**PROBLEM STATEMENT**
Each line of the records containing "Rtopology" is to be copied out and returned.

**EXERCISE MATERIALS**
(* Let $0<\lambda<\frac{5-\sqrt{21}}{2}$ and let $K$ be the attractor of the IFS $f_1(x)=\lambda x$, $f_2(x)=\lambda x+2\lambda$, $f_3(x)=\lambda x+3\lambda-\lambda^2$, $f_4(x)=\lambda x+1-\lambda$. Then every $x\in K$ either has exactly $2^k$ codings for some integer $k\ge0$, or has uncountably many codings.
   Context: A coding of $x\in K$ is a sequence $(i_n)\in\{1,2,3,4\}^{\mathbb{N}}$ with $x=\lim_{n\to\infty}f_{i_1}\circ\cdots\circ f_{i_n}(0)$. *)

From Stdlib Require Import Reals List Rtopology.
Open Scope R_scope.

Inductive digit : Type := d1 | d2 | d3 | d4.

Definition f (lam : R) (i : digit) (x : R) : R :=
  match i with
  | d1 => lam * x
  | d2 => lam * x + 2 * lam
  | d3 => lam * x + 3 * lam - lam ^ 2
  | d4 => lam * x + 1 - lam
  end.

(* comp lam s n y = f_{s 0} o f_{s 1} o ... o f_{s (n-1)} (y)
   (the paper's i_1, i_2, ... are s 0, s 1, ...) *)
Fixpoint comp (lam : R) (s : nat -> digit) (n : nat) (y : R) : R :=
  match n with
  | O => y
  | S m => comp lam s m (f lam (s m) y)
  end.

Definition coding (lam : R) (s : nat -> digit) (x : R) : Prop :=
  Un_cv (fun n => comp lam s n 0) x.

Definition is_attractor (lam : R) (K : R -> Prop) : Prop :=
  compact K /\ (exists x, K x) /\
  (forall x, K x <-> exists (i : digit) (y : R), K y /\ x = f lam i y).

Definition has_card (A : (nat -> digit) -> Prop) (n : nat) : Prop :=
  exists l : list (nat -> digit),
    length l = n /\ NoDup l /\ forall s, A s <-> In s l.

Definition countable_set (A : (nat -> digit) -> Prop) : Prop :=
  exists g : (nat -> digit) -> nat,
    forall s t, A s -> A t -> g s = g t -> s = t.

(* The only coincidence among compositions of the maps is f2 o f4 = f3 o f1, and for
   lam < (5 - sqrt 21)/2 it is the only source of non-uniqueness: the intervals f_i([0,1])
   are disjoint except f2([0,1]) and f3([0,1]), whose overlap is f2 f4([0,1]) = f3 f1([0,1]).
   So two codings of a point agree in their first digit or begin with 24 and 31.  As blocks
   24 and 31 cannot overlap, all codings of x arise from one of them by independently
   exchanging any of its blocks 24 <-> 31.  Finitely many blocks, k say, give exactly 2^k
   codings; infinitely many give an injection of {0,1}^N into the codings. *)

From Pilot Require Import Defs.
From Stdlib Require Import Reals List Rtopology Lra Lia Wf_nat
  FunctionalExtensionality PropExtensionality ClassicalEpsilon Classical FinFun.
(* [Reals] shadows the digits [d1 .. d4] by [Ranalysis1.d1 ..]. *)
Import Defs.
Open Scope R_scope.

Definition shift {A : Type} (s : nat -> A) : nat -> A := fun n => s (S n).

Definition scons {A : Type} (a : A) (s : nat -> A) : nat -> A :=
  fun n => match n with O => a | S m => s m end.

Lemma scons_head_shift {A : Type} (s : nat -> A) : scons (s 0%nat) (shift s) = s.
Proof. apply functional_extensionality; intros [|n]; reflexivity. Qed.

Lemma scons2_head_shift {A : Type} (s : nat -> A) :
  scons (s 0%nat) (scons (s 1%nat) (shift (shift s))) = s.
Proof. apply functional_extensionality; intros [|[|n]]; reflexivity. Qed.

Lemma scons_inj {A : Type} (a : A) (u v : nat -> A) : scons a u = scons a v -> u = v.
Proof.
  intros E; apply functional_extensionality; intros n.
  exact (f_equal (fun w => w (S n)) E).
Qed.

Lemma has_card_ext (A B : (nat -> digit) -> Prop) n :
  (forall s, A s <-> B s) -> has_card A n -> has_card B n.
Proof.
  intros H [l [Hl [Hnd Hm]]]; exists l; repeat split; auto; intros Hs.
  - apply Hm, H, Hs.
  - apply H, Hm, Hs.
Qed.

Lemma has_card_singleton (s : nat -> digit) : has_card (fun t => t = s) 1.
Proof.
  exists (s :: nil); repeat split.
  - constructor; [intros []|constructor].
  - intros ->; left; reflexivity.
  - intros [->|[]]; reflexivity.
Qed.

Lemma has_card_image (g : (nat -> digit) -> nat -> digit) A n : Injective g ->
  has_card A n -> has_card (fun t => exists u, t = g u /\ A u) n.
Proof.
  intros Hg [l [Hl [Hnd Hm]]]; exists (map g l); repeat split.
  - rewrite length_map; exact Hl.
  - apply Injective_map_NoDup; assumption.
  - intros [u [-> Hu]]; apply in_map, Hm, Hu.
  - intros Ht; apply in_map_iff in Ht as [u [<- Hu]]; exists u; split; [reflexivity|apply Hm, Hu].
Qed.

Lemma has_card_disjoint_union A B n m : (forall t, A t -> B t -> False) ->
  has_card A n -> has_card B m -> has_card (fun t => A t \/ B t) (n + m).
Proof.
  intros Hd [l [Hl [Hnd Hm]]] [l' [Hl' [Hnd' Hm']]]; exists (l ++ l'); repeat split.
  - rewrite length_app; lia.
  - apply NoDup_app; auto; intros t Ht Ht'; apply (Hd t); [apply Hm | apply Hm']; assumption.
  - intros [Ht|Ht]; apply in_or_app; [left; apply Hm | right; apply Hm']; exact Ht.
  - intros Ht; apply in_app_or in Ht as [Ht|Ht]; [left; apply Hm | right; apply Hm']; exact Ht.
Qed.

Lemma injective_left_inverse {A B : Type} (a0 : A) (g : A -> B) : Injective g ->
  exists q : B -> A, forall a, q (g a) = a.
Proof.
  intros Hg.
  exists (fun y => match excluded_middle_informative (exists a, g a = y) with
           | left H => proj1_sig (constructive_indefinite_description _ H)
           | right _ => a0
           end).
  intros a; destruct (excluded_middle_informative _) as [H|H]; [|exfalso; eauto].
  destruct (constructive_indefinite_description _ H) as [a' Ha']; apply Hg, Ha'.
Qed.

Lemma cantor_no_injection (g : (nat -> bool) -> nat) : ~ Injective g.
Proof.
  intros Hg; destruct (injective_left_inverse (fun _ => false) g Hg) as [q Hq].
  set (d := fun n => negb (q n n)).
  assert (Hd : d (g d) = negb (d (g d))) by (unfold d at 1; rewrite Hq; reflexivity).
  destruct (d (g d)); discriminate.
Qed.

Lemma strictly_increasing_enumeration (P : nat -> Prop) :
  (forall N, exists i, (N <= i)%nat /\ P i) ->
  exists p : nat -> nat, (forall n, p n < p (S n))%nat /\ forall n, P (p n).
Proof.
  intros H.
  set (next := fun N => proj1_sig (constructive_indefinite_description _ (H N))).
  assert (Hnext : forall N, (N <= next N)%nat /\ P (next N))
    by (intros N; unfold next; destruct constructive_indefinite_description; assumption).
  set (p := fix p n := match n with O => next O | S k => next (S (p k)) end).
  exists p; split.
  - intros n; apply (Hnext (S (p n))).
  - intros [|n]; apply Hnext.
Qed.

Lemma strictly_increasing_injective (p : nat -> nat) :
  (forall n, p n < p (S n))%nat -> Injective p.
Proof.
  intros Hp.
  assert (Hlt : forall m n, (m < n)%nat -> (p m < p n)%nat).
  { intros m n Hmn; induction Hmn as [|n _ IH]; [apply Hp|specialize (Hp n); lia]. }
  intros m n E; destruct (Nat.lt_trichotomy m n) as [h|[h|h]]; auto;
    apply Hlt in h; lia.
Qed.

Definition partner (a : digit) : digit :=
  match a with d1 => d4 | d2 => d3 | d3 => d2 | d4 => d1 end.

(* [f2 o f4 = f3 o f1]: a block is one side of this identity, and [partner] maps it to
   the other side. *)
Definition is_block (a b : digit) : bool :=
  match a, b with
  | d2, d4 => true
  | d3, d1 => true
  | _, _ => false
  end.

Definition block_at (s : nat -> digit) (i : nat) : bool := is_block (s i) (s (S i)).

Lemma partner_neq a : partner a <> a.
Proof. destruct a; discriminate. Qed.

Lemma is_block_no_overlap a b c : is_block a b = true -> is_block b c = false.
Proof. destruct a, b, c; simpl; congruence. Qed.

Section Compositions.

Variable lam : R.

Definition transl (d : digit) : R := f lam d 0.

Definition finv (a : digit) (x : R) : R := (x - transl a) / lam.

Lemma f_affine d y : f lam d y = lam * y + transl d.
Proof. destruct d; unfold transl; simpl; ring. Qed.

Lemma comp_affine s n y : comp lam s n y = comp lam s n 0 + lam ^ n * y.
Proof.
  revert y; induction n as [|n IH]; intros y; simpl; [ring|].
  rewrite (IH (f lam (s n) y)), (IH (f lam (s n) 0)), !f_affine; ring.
Qed.

Lemma comp_succ_0 s n : comp lam s (S n) 0 = comp lam s n 0 + lam ^ n * transl (s n).
Proof. simpl; rewrite comp_affine, f_affine; ring. Qed.

Lemma comp_scons a u n y : comp lam (scons a u) (S n) y = f lam a (comp lam u n y).
Proof. revert y; induction n as [|n IH]; intros y; [reflexivity|]; apply IH. Qed.

Lemma comp_add s n k y :
  comp lam s (n + k) y = comp lam s n (comp lam (fun i => s (n + i)%nat) k y).
Proof.
  revert y; induction k as [|k IH]; intros y.
  - rewrite Nat.add_0_r; reflexivity.
  - rewrite Nat.add_succ_r; simpl; apply IH.
Qed.

End Compositions.

(* [c i] decides whether the block of [s] starting at position [i], if any, is replaced
   by its partner. *)
Definition swapped (s : nat -> digit) (c : nat -> bool) (i : nat) : bool :=
  (block_at s i && c i) || match i with O => false | S j => block_at s j && c j end.

Definition swap_blocks (s : nat -> digit) (c : nat -> bool) : nat -> digit :=
  fun i => if swapped s c i then partner (s i) else s i.

Lemma swap_blocks_noblock_head s c : block_at s 0 = false ->
  swap_blocks s c = scons (s 0%nat) (swap_blocks (shift s) (shift c)).
Proof.
  intros B; apply functional_extensionality; intros [|[|i]];
    unfold swap_blocks, swapped, shift; simpl; rewrite ?B; reflexivity.
Qed.

Lemma swap_blocks_block_head s c : block_at s 0 = true ->
  swap_blocks s c =
  let r := swap_blocks (shift (shift s)) (shift (shift c)) in
  if c 0%nat then scons (partner (s 0%nat)) (scons (partner (s 1%nat)) r)
  else scons (s 0%nat) (scons (s 1%nat) r).
Proof.
  intros B; pose proof (is_block_no_overlap _ _ (s 2%nat) B) as B1.
  change (is_block (s 1%nat) (s 2%nat)) with (block_at s 1) in B1.
  apply functional_extensionality; intros [|[|[|i]]];
    unfold swap_blocks, swapped, shift; simpl; rewrite ?B, ?B1;
    destruct (c 0%nat); reflexivity.
Qed.
(* There is an absolute constant $C$ such that for every $g:\{0,1\}^n\to\{0,1\}$ and all $0<\delta<\epsilon<1/2$, $$\log\mathsf{qprt}_\delta(g)\le\frac{C}{(1/2-\epsilon)^2}\log\frac1\delta\cdot\log\mathsf{qprt}_\epsilon(g).$$
   Context: For $s\in\{0,1,\star\}^n$ the subcube with support $s$ is $\{x\in\{0,1\}^n: s_i\ne\star\Rightarrow x_i=s_i\}$, and for such a subcube $A$, $|A|$ is the number of $i$ with $s_i\in\{0,1\}$. $\mathsf{qprt}_\epsilon(g)$ is the optimal value of the LP: minimize $\sum_{z\in\{0,1\}}\sum_A w_{z,A}2^{|A|}$ over subcubes $A$, subject to $\sum_{A\ni x}w_{g(x),A}\ge1-\epsilon$ for all $x$; $\sum_{A\ni x}\sum_z w_{z,A}=1$ for all $x$; $w_{z,A}\ge0$. Logs base 2. *)

From Stdlib Require Import Reals List ClassicalEpsilon.
Import ListNotations.
Open Scope R_scope.

(* Points of {0,1}^n are lists of booleans of length n.
   A subcube is given by its support s in {0,1,*}^n, encoded as a list of
   length n of [option bool]: [Some b] = fixed coordinate b, [None] = star. *)
Definition support := list (option bool).

Fixpoint all_supports (n : nat) : list support :=
  match n with
  | O => [ [] ]
  | S m => flat_map (fun s => [None :: s; Some false :: s; Some true :: s])
                    (all_supports m)
  end.

Fixpoint in_subcube (x : list bool) (s : support) : Prop :=
  match x, s with
  | [], [] => True
  | b :: x', None :: s' => in_subcube x' s'
  | b :: x', Some c :: s' => b = c /\ in_subcube x' s'
  | _, _ => False
  end.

**EXERCISE OUTPUT**
From Stdlib Require Import Reals List Rtopology.
From Stdlib Require Import Reals List Rtopology Lra Lia Wf_nat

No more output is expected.